== WHAT TO PRODUCE ==
Lines outside the range are not wanted. Give again exactly the lines between the line holding "have x_gt0 : 0 < x by rewrite lt_min !divr_gt0" and the line holding "have tau_b : tau", inclusive, from the listing below.

== RECORDS FOR THIS EXERCISE ==
(* Let $T>0$, let $h:(0,\infty)\to(0,\infty)$ be bounded with $\lim_{u\to0^+}h(u)=\lim_{u\to+\infty}h(u)=0$, and let $A\in C^1([0,T]\times(0,1)^n;\mathbb S(n))$ satisfy $|A_{ij}(s,\mu)|\le(\mu^i+\mu^j)h(\mu^j/\mu^i)$ for all $(i,j)\in\mathbb E$ and $(s,\mu)\in[0,T]\times(0,1)^n$. There exist constants $K>1$ and $c_0>0$, depending only on $n$, $\omega_{\min}$, $\omega_{\max}$ and $h$, such that the following holds. Let $\epsilon>0$, $\mu\in\mathcal P_\epsilon(\mathbb G)$, $0<t_0<t_1\le T$, and let $\rho\in C^1([0,t_1];(0,1)^n)$ be a classical solution of $\dot\rho(s)=\nabla_{\mathbb G}\cdot A(s,\rho(s))+\Delta_{\mathbb G}\rho(s)$, $\rho(0)=\mu$. If $\delta\in(0,\epsilon/K)$ and $t_0$, $t_1$ are, respectively, the first times such that $\min_i\rho_i(t_0)=\delta$ and $\min_i\rho_i(t_1)=\delta/(2K)$, then $t_1-t_0\ge c_0$.
   Context: $\mathbb G=(\mathbb V,\mathbb E,\omega)$: finite, connected, simple undirected graph, $\mathbb V=\{1,\dots,n\}$, edges ordered pairs with $(i,j)\in\mathbb E\iff(j,i)\in\mathbb E$, symmetric weights $\omega_{ij}>0$ iff $(i,j)\in\mathbb E$; $\omega_{\min},\omega_{\max}$ the min/max edge weights. $\mathbb S(n)$: skew-symmetric $n\times n$ matrices. $(\nabla_{\mathbb G}\cdot m)^i=\sum_{j\ne i}\sqrt{\omega_{ij}}m^{ji}$; $(\Delta_{\mathbb G}u)^i=\sum_j\omega_{ij}(u^j-u^i)$. $\mathcal P_\epsilon(\mathbb G)$: probability vectors in $\mathbb R^n$ with all entries $>\epsilon$. *)

From HB Require Import structures.
From mathcomp Require Import all_boot all_order all_algebra.
From mathcomp Require Import all_classical all_reals all_analysis.
Set Implicit Arguments. Unset Strict Implicit. Unset Printing Implicit Defensive.
Import Order.TTheory GRing.Theory Num.Theory.
Import numFieldNormedType.Exports.
Local Open Scope classical_set_scope.
Local Open Scope ring_scope.

Section Defs.
Variable R : realType.

(* Vectors of R^n are row vectors 'rV[R]_n, entry i of x is x ord0 i.
   Weighted graph on vertices 'I_n given by its weight matrix w:
   (i,j) is an edge iff w i j > 0. *)
Definition edge n (w : 'M[R]_n) (i j : 'I_n) : Prop := 0 < w i j.

Definition weighted_graph n (w : 'M[R]_n) : Prop :=
  [/\ forall i j, w i j = w j i,
      forall i j, 0 <= w i j,
      forall i, w i i = 0 &
      forall i j, connect (fun a b : 'I_n => 0 < w a b) i j].

Definition min_weight n (w : 'M[R]_n) (wmin : R) : Prop :=
  (forall i j, edge w i j -> wmin <= w i j) /\ exists i j, edge w i j /\ w i j = wmin.
Definition max_weight n (w : 'M[R]_n) (wmax : R) : Prop :=
  (forall i j, edge w i j -> w i j <= wmax) /\ exists i j, edge w i j /\ w i j = wmax.

Definition gdiv n (w : 'M[R]_n) (m : 'M[R]_n) : 'rV[R]_n :=
  \row_i \sum_(j | j != i) Num.sqrt (w i j) * m j i.

Definition glap n (w : 'M[R]_n) (u : 'rV[R]_n) : 'rV[R]_n :=
  \row_i \sum_j w i j * (u ord0 j - u ord0 i).

Definition cube n (x : 'rV[R]_n) : Prop := forall i, 0 < x ord0 i < 1.

Definition prob_eps n (eps : R) (x : 'rV[R]_n) : Prop :=
  \sum_i x ord0 i = 1 /\ forall i, eps < x ord0 i.

Definition min_is n (x : 'rV[R]_n) (m : R) : Prop :=
  (forall i, m <= x ord0 i) /\ exists i, x ord0 i = m.

Definition first_min_time n (rho : R -> 'rV[R]_n) (d t : R) : Prop :=
  min_is (rho t) d /\ forall s, 0 <= s < t -> ~ min_is (rho s) d.

Definition domA n (T : R) : set (R * 'rV[R]_n) :=
  [set x | 0 <= x.1 <= T /\ cube x.2].

(* f is C^1 on the set D: f is the restriction of a map which is C^1 on an
   open neighbourhood O of D (all directional derivatives exist on O and are
   continuous there). *)
Definition C1_on (U V : normedModType R) (D : set U) (f : U -> V) : Prop :=
  exists O : set U, [/\ open O, D `<=` O &
    forall (v x : U), O x -> derivable f x v /\ {for x, continuous ('D_v f)}].

(* derivative of f : R -> V at s relative to the interval [a,b]
   (one-sided at the endpoints) equals v *)
Definition has_deriv_on (V : normedModType R) (a b : R) (f : R -> V) (s : R) (v : V)
  : Prop :=
  (fun k : R => k^-1 *: (f (s + k) - f s)) @ within (fun k => a <= s + k <= b) (0 : R)^'
    --> v.

Definition classical_solution n (w : 'M[R]_n) (A : R * 'rV[R]_n -> 'M[R]_n)
  (t1 : R) (mu : 'rV[R]_n) (rho : R -> 'rV[R]_n) : Prop :=
  [/\ forall s, 0 <= s <= t1 -> cube (rho s),
      rho 0 = mu &
      exists rho' : R -> 'rV[R]_n,
        [/\ forall s, 0 <= s <= t1 -> has_deriv_on 0 t1 rho s (rho' s),
            {within `[0, t1], continuous rho'} &
            forall s, 0 <= s <= t1 -> rho' s = gdiv w (A (s, rho s)) + glap w (rho s)]].

End Defs.

(* At a vertex k where rho(s) is minimal, each edge jk changes rho_k at rate at least
   -C rho_k, with C = [edge_outflow_rate wmax M u0]: when rho_k / rho_j < u0 we have
   h (rho_k / rho_j) <= sqrt wmin, so the flux sqrt(w_kj) A_jk is dominated by the diffusion
   w_kj (rho_j - rho_k) up to -2 wmax rho_k; otherwise rho_j <= rho_k / u0 and h <= M
   suffices.  Hence after t0 every rho_k stays above the line delta (1 - (L + 1)(s - t0)),
   L = n C: at a first touching time the touching coordinate is minimal, so its slope is at
   least -L delta, larger than the slope -(L + 1) delta of the line.  Reaching delta / (2 K)
   with K = 2 thus takes time at least 3 / (4 (L + 1)). *)

From HB Require Import structures.
From mathcomp Require Import all_boot all_order all_algebra.
From mathcomp Require Import all_classical all_reals all_analysis.
From mathcomp Require Import ring lra.
Set Implicit Arguments. Unset Strict Implicit. Unset Printing Implicit Defensive.
Import Order.TTheory GRing.Theory Num.Theory.
Import numFieldNormedType.Exports.
Local Open Scope classical_set_scope.
Local Open Scope ring_scope.

Section RelativeDerivative.
Variable R : realType.
Implicit Types (a b s v : R).

Lemma has_deriv_on_sub (V : normedModType R) a b c d (f : R -> V) s (v : V) :
  a <= c -> d <= b -> has_deriv_on a b f s v -> has_deriv_on c d f s v.
Proof.
move=> ac db; apply: cvg_trans; apply: cvg_app; apply: within_subset.
by move=> x /andP[cx xd]; apply/andP; split; [apply: le_trans cx|apply: le_trans db].
Qed.

Lemma has_deriv_onD (V : normedModType R) a b (f g : R -> V) s (u v : V) :
  has_deriv_on a b f s u -> has_deriv_on a b g s v ->
  has_deriv_on a b (f \+ g) s (u + v).
Proof.
move=> df dg; rewrite /has_deriv_on.
have -> : (fun x : R => x^-1 *: ((f \+ g) (s + x) - (f \+ g) s)) =
  (fun x => x^-1 *: (f (s + x) - f s)) \+ (fun x => x^-1 *: (g (s + x) - g s)).
  by apply/funext => x /=; rewrite -scalerDr opprD addrACA.
exact: cvgD.
Qed.

Lemma has_deriv_on_affine (V : normedModType R) a b (c d : V) s :
  has_deriv_on a b (fun t => t *: c + d) s c.
Proof.
apply: cvg_trans; [apply: near_eq_cvg|exact: cvg_cst].
apply: filterS (nbhs_dnbhs_neq (0 : R)) => x x0 _.
by rewrite opprD addrACA subrr addr0 -scalerBl addrAC subrr add0r scalerA mulVf // scale1r.
Qed.

Lemma has_deriv_on_coord a b m n (f : R -> 'M[R]_(m, n)) s (v : 'M[R]_(m, n)) i j :
  has_deriv_on a b f s v -> has_deriv_on a b (fun t => f t i j) s (v i j).
Proof.
move=> df; rewrite /has_deriv_on.
have -> : (fun x : R => x^-1 *: (f (s + x) i j - f s i j)) =
    (fun M : 'M[R]_(m, n) => M i j) \o (fun x => x^-1 *: (f (s + x) - f s)).
  by apply/funext => x /=; rewrite !mxE.
exact: continuous_cvg (@coord_continuous R m n i j v) df.
Qed.

Lemma has_deriv_on_cvg (V : normedModType R) a b (f : R -> V) s (v : V) :
  has_deriv_on a b f s v ->
  f (s + x) @[x --> within (fun x => a <= s + x <= b) 0^'] --> f s.
Proof.
set F := within _ _ => df.
have x_to0 : (fun x : R => x) @ F --> (0 : R).
  by apply: cvg_trans (cvg_within _) _; exact: cvg_within.
have : (fun x => f s + x *: (x^-1 *: (f (s + x) - f s))) @ F --> f s + 0 *: v.
  exact: cvgD (cvg_cst _) (cvgZ x_to0 df).
rewrite scale0r addr0; apply: cvg_trans; apply: near_eq_cvg.
apply: filterS (nbhs_dnbhs_neq (0 : R)) => x x0 _.
by rewrite scalerA mulfV // scale1r addrC subrK.
Qed.

Lemma has_deriv_on_gt0 a b (f : R -> R) s v :
  has_deriv_on a b f s v -> 0 < v ->
  \forall x \near within (fun x => a <= s + x <= b) 0^', 0 < x -> f s < f (s + x).
Proof.
move=> df v0; apply: filterS (cvgr_gt v df 0 v0) => x q0 x0.
by move: q0; rewrite /= pmulr_rgt0 ?invr_gt0 // subr_gt0.
Qed.

Lemma near_within_dnbhs0 (D P : set R) :
  (\forall x \near within D 0^', P x) ->
  exists2 e : R, 0 < e & forall x, 0 < `|x| < e -> D x -> P x.
Proof.
move=> /nbhs_ballP[e e0 He]; exists e => // x /andP[x0 xe].
apply: He; last by rewrite -normr_gt0.
by rewrite -ball_normE /ball_ /= sub0r normrN.
Qed.

Lemma has_deriv_on_ge0_left a b (f : R -> R) s v :
  a < s <= b -> has_deriv_on a b f s v ->
  (forall x, a <= x < s -> 0 <= f x) -> 0 <= f s.
Proof.
move=> /andP[a_s s_b] df f_ge0; rewrite leNgt; apply/negP => fs_lt0.
have [e e0 near_s] := near_within_dnbhs0 (cvgr_lt _ (has_deriv_on_cvg df) 0 fs_lt0).
pose x := Num.min (e / 2) ((s - a) / 2).
have x_gt0 : 0 < x by rewrite lt_min !divr_gt0 // subr_gt0.
have [x_e x_sa] : x <= e / 2 /\ x <= (s - a) / 2 by rewrite !ge_min !lexx ?orbT.
have := near_s (- x); rewrite normrN gtr0_norm // x_gt0 /=.
have := f_ge0 (s + - x); lra.
Qed.

Lemma has_deriv_on_ge0_right a b (f : R -> R) s v :
  has_deriv_on a b f s v -> 0 <= f s -> (f s = 0 -> 0 < v) ->
  \forall x \near within (fun x => a <= s + x <= b) 0^', 0 < x -> 0 <= f (s + x).
Proof.
move=> df; rewrite le_eqVlt => /orP[/eqP fs0 | fs_gt0] v_gt0.
  apply: filterS (has_deriv_on_gt0 df (v_gt0 (esym fs0))) => x incr /incr.
  by rewrite -fs0; exact: ltW.
by apply: filterS (cvgr_gt _ (has_deriv_on_cvg df) 0 fs_gt0) => x /ltW.
Qed.

Lemma forward_invariant_ge0 (I : finType) (g g' : I -> R -> R) a b :
  a <= b ->
  (forall i s, a <= s <= b -> has_deriv_on a b (g i) s (g' i s)) ->
  (forall i, 0 <= g i a) ->
  (forall i s, a <= s <= b -> (forall j, 0 <= g j s) -> g i s = 0 -> 0 < g' i s) ->
  forall i, 0 <= g i b.
Proof.
move=> a_b dg g_a dg_gt0.
pose S := [set t | a <= t <= b /\ forall s, a <= s <= t -> forall i, 0 <= g i s].
have S_a : S a.
  split=> [|s /andP[a_s s_a]]; first by rewrite lexx.
  by have -> : s = a by apply/eqP; rewrite eq_le s_a a_s.
have S_ub : ubound S b by move=> t [/andP[]].
have supS : has_sup S by split; [exists a | exists b].
pose tau := sup S.
have a_tau : a <= tau := sup_upper_bound supS S_a.
have tau_b : tau <= b by apply: ge_sup => //; exists a.
have tau_in : a <= tau <= b by rewrite a_tau tau_b.
have below : forall s, a <= s < tau -> forall i, 0 <= g i s.
  move=> s /andP[a_s s_tau].
  have [t [_ St]] := sup_adherent (eps := tau - s) (ltac:(lra)) supS.
  rewrite -/tau => t_gt; apply: St; rewrite a_s /=; lra.
have g_tau : forall i, 0 <= g i tau.
  move=> i; have [<-|a_ne_tau] := eqVneq a tau; first exact: g_a.
  apply: has_deriv_on_ge0_left (dg i tau tau_in) (fun x x_lt => below x x_lt i).
  by rewrite lt_neqAle a_ne_tau a_tau tau_b.
suff <- : tau = b by [].
apply/eqP; rewrite eq_le tau_b leNgt; apply/negP => tau_lt_b.
have : \forall x \near within (fun x => a <= tau + x <= b) 0^',
    forall i, 0 < x -> 0 <= g i (tau + x).
  apply: filter_forall => i.
  exact: has_deriv_on_ge0_right (dg i tau tau_in) (g_tau i) (dg_gt0 i tau tau_in g_tau).
case/near_within_dnbhs0 => e e0 near_tau.
pose x := Num.min (e / 2) (b - tau).
have x_gt0 : 0 < x by rewrite lt_min divr_gt0 // subr_gt0.
have [x_e x_b] : x <= e / 2 /\ x <= b - tau by rewrite !ge_min !lexx ?orbT.
suff S_x : S (tau + x) by have := sup_upper_bound supS S_x; rewrite -/tau; lra.
split=> [|s /andP[a_s s_x] i]; first lra.
have [s_lt|] := ltP s tau; first by apply: below; rewrite a_s.
rewrite le_eqVlt => /orP[/eqP <-|tau_lt_s]; first exact: g_tau.
have := near_tau (s - tau); rewrite gtr0_norm ?subr_gt0 // addrCA subrr addr0.
apply; lra.
Qed.

Lemma entries_ge_linear_barrier n (rho rho' : R -> 'rV[R]_n) (t0 t1 L delta : R) :
  t0 <= t1 -> 0 <= L -> 0 < delta ->
  (forall s, t0 <= s <= t1 -> has_deriv_on t0 t1 rho s (rho' s)) ->
  (forall k, delta <= rho t0 ord0 k) ->
  (forall s k, t0 <= s <= t1 -> (forall j, rho s ord0 k <= rho s ord0 j) ->
     - (L * rho s ord0 k) <= rho' s ord0 k) ->
  forall k, delta - (L + 1) * delta * (t1 - t0) <= rho t1 ord0 k.
Proof.
move=> t0_t1 L_ge0 delta_gt0 d_rho rho_t0 rho'_ge.
pose beta := (L + 1) * delta.
have beta_ge0 : 0 <= beta by rewrite mulr_ge0 // ?addr_ge0 // ltW.
pose g k t : R := rho t ord0 k - (delta - beta * (t - t0)).
suff g_t1 k : 0 <= g k t1 by move=> k; move: (g_t1 k); rewrite /g /beta; lra.
apply: (@forward_invariant_ge0 _ g (fun k t => rho' t ord0 k + beta)) t0_t1 _ _ _ k.
- move=> {}k s s_in.
  have -> : g k = (fun t => rho t ord0 k) \+ (fun t => t *: beta - (delta + beta * t0)).
    apply/funext => t; rewrite /g /=; set r := rho t ord0 k.
    (* the scaling of [R] as a normed module is its multiplication *)
    by change (r - (delta - beta * (t - t0)) = r + (t * beta - (delta + beta * t0))); ring.
  refine (has_deriv_onD _ (has_deriv_on_affine _ _ _ _)).
  exact: has_deriv_on_coord (d_rho s s_in).
- by move=> {}k; rewrite /g subrr mulr0 subr0 subr_ge0.
move=> {}k s s_in g_ge0 gk0.
have k_min j : rho s ord0 k <= rho s ord0 j by have := g_ge0 j; move: gk0; rewrite /g; lra.
have rho_le : rho s ord0 k <= delta.
  have : 0 <= beta * (s - t0) by rewrite mulr_ge0 // subr_ge0; case/andP: s_in.
  by move: gk0; rewrite /g; lra.
have := rho'_ge s k s_in k_min; have := ler_wpM2l L_ge0 rho_le; rewrite /beta; lra.
Qed.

== YOUR RESPONSE ==
have x_gt0 : 0 < x by rewrite lt_min !divr_gt0 // subr_gt0.
have [x_e x_sa] : x <= e / 2 /\ x <= (s - a) / 2 by rewrite !ge_min !lexx ?orbT.
have := near_s (- x); rewrite normrN gtr0_norm // x_gt0 /=.
have := f_ge0 (s + - x); lra.
Qed.

Lemma has_deriv_on_ge0_right a b (f : R -> R) s v :
  has_deriv_on a b f s v -> 0 <= f s -> (f s = 0 -> 0 < v) ->
  \forall x \near within (fun x => a <= s + x <= b) 0^', 0 < x -> 0 <= f (s + x).
Proof.
move=> df; rewrite le_eqVlt => /orP[/eqP fs0 | fs_gt0] v_gt0.
  apply: filterS (has_deriv_on_gt0 df (v_gt0 (esym fs0))) => x incr /incr.
  by rewrite -fs0; exact: ltW.
by apply: filterS (cvgr_gt _ (has_deriv_on_cvg df) 0 fs_gt0) => x /ltW.
Qed.

Lemma forward_invariant_ge0 (I : finType) (g g' : I -> R -> R) a b :
  a <= b ->
  (forall i s, a <= s <= b -> has_deriv_on a b (g i) s (g' i s)) ->
  (forall i, 0 <= g i a) ->
  (forall i s, a <= s <= b -> (forall j, 0 <= g j s) -> g i s = 0 -> 0 < g' i s) ->
  forall i, 0 <= g i b.
Proof.
move=> a_b dg g_a dg_gt0.
pose S := [set t | a <= t <= b /\ forall s, a <= s <= t -> forall i, 0 <= g i s].
have S_a : S a.
  split=> [|s /andP[a_s s_a]]; first by rewrite lexx.
  by have -> : s = a by apply/eqP; rewrite eq_le s_a a_s.
have S_ub : ubound S b by move=> t [/andP[]].
have supS : has_sup S by split; [exists a | exists b].
pose tau := sup S.
have a_tau : a <= tau := sup_upper_bound supS S_a.
have tau_b : tau <= b by apply: ge_sup => //; exists a.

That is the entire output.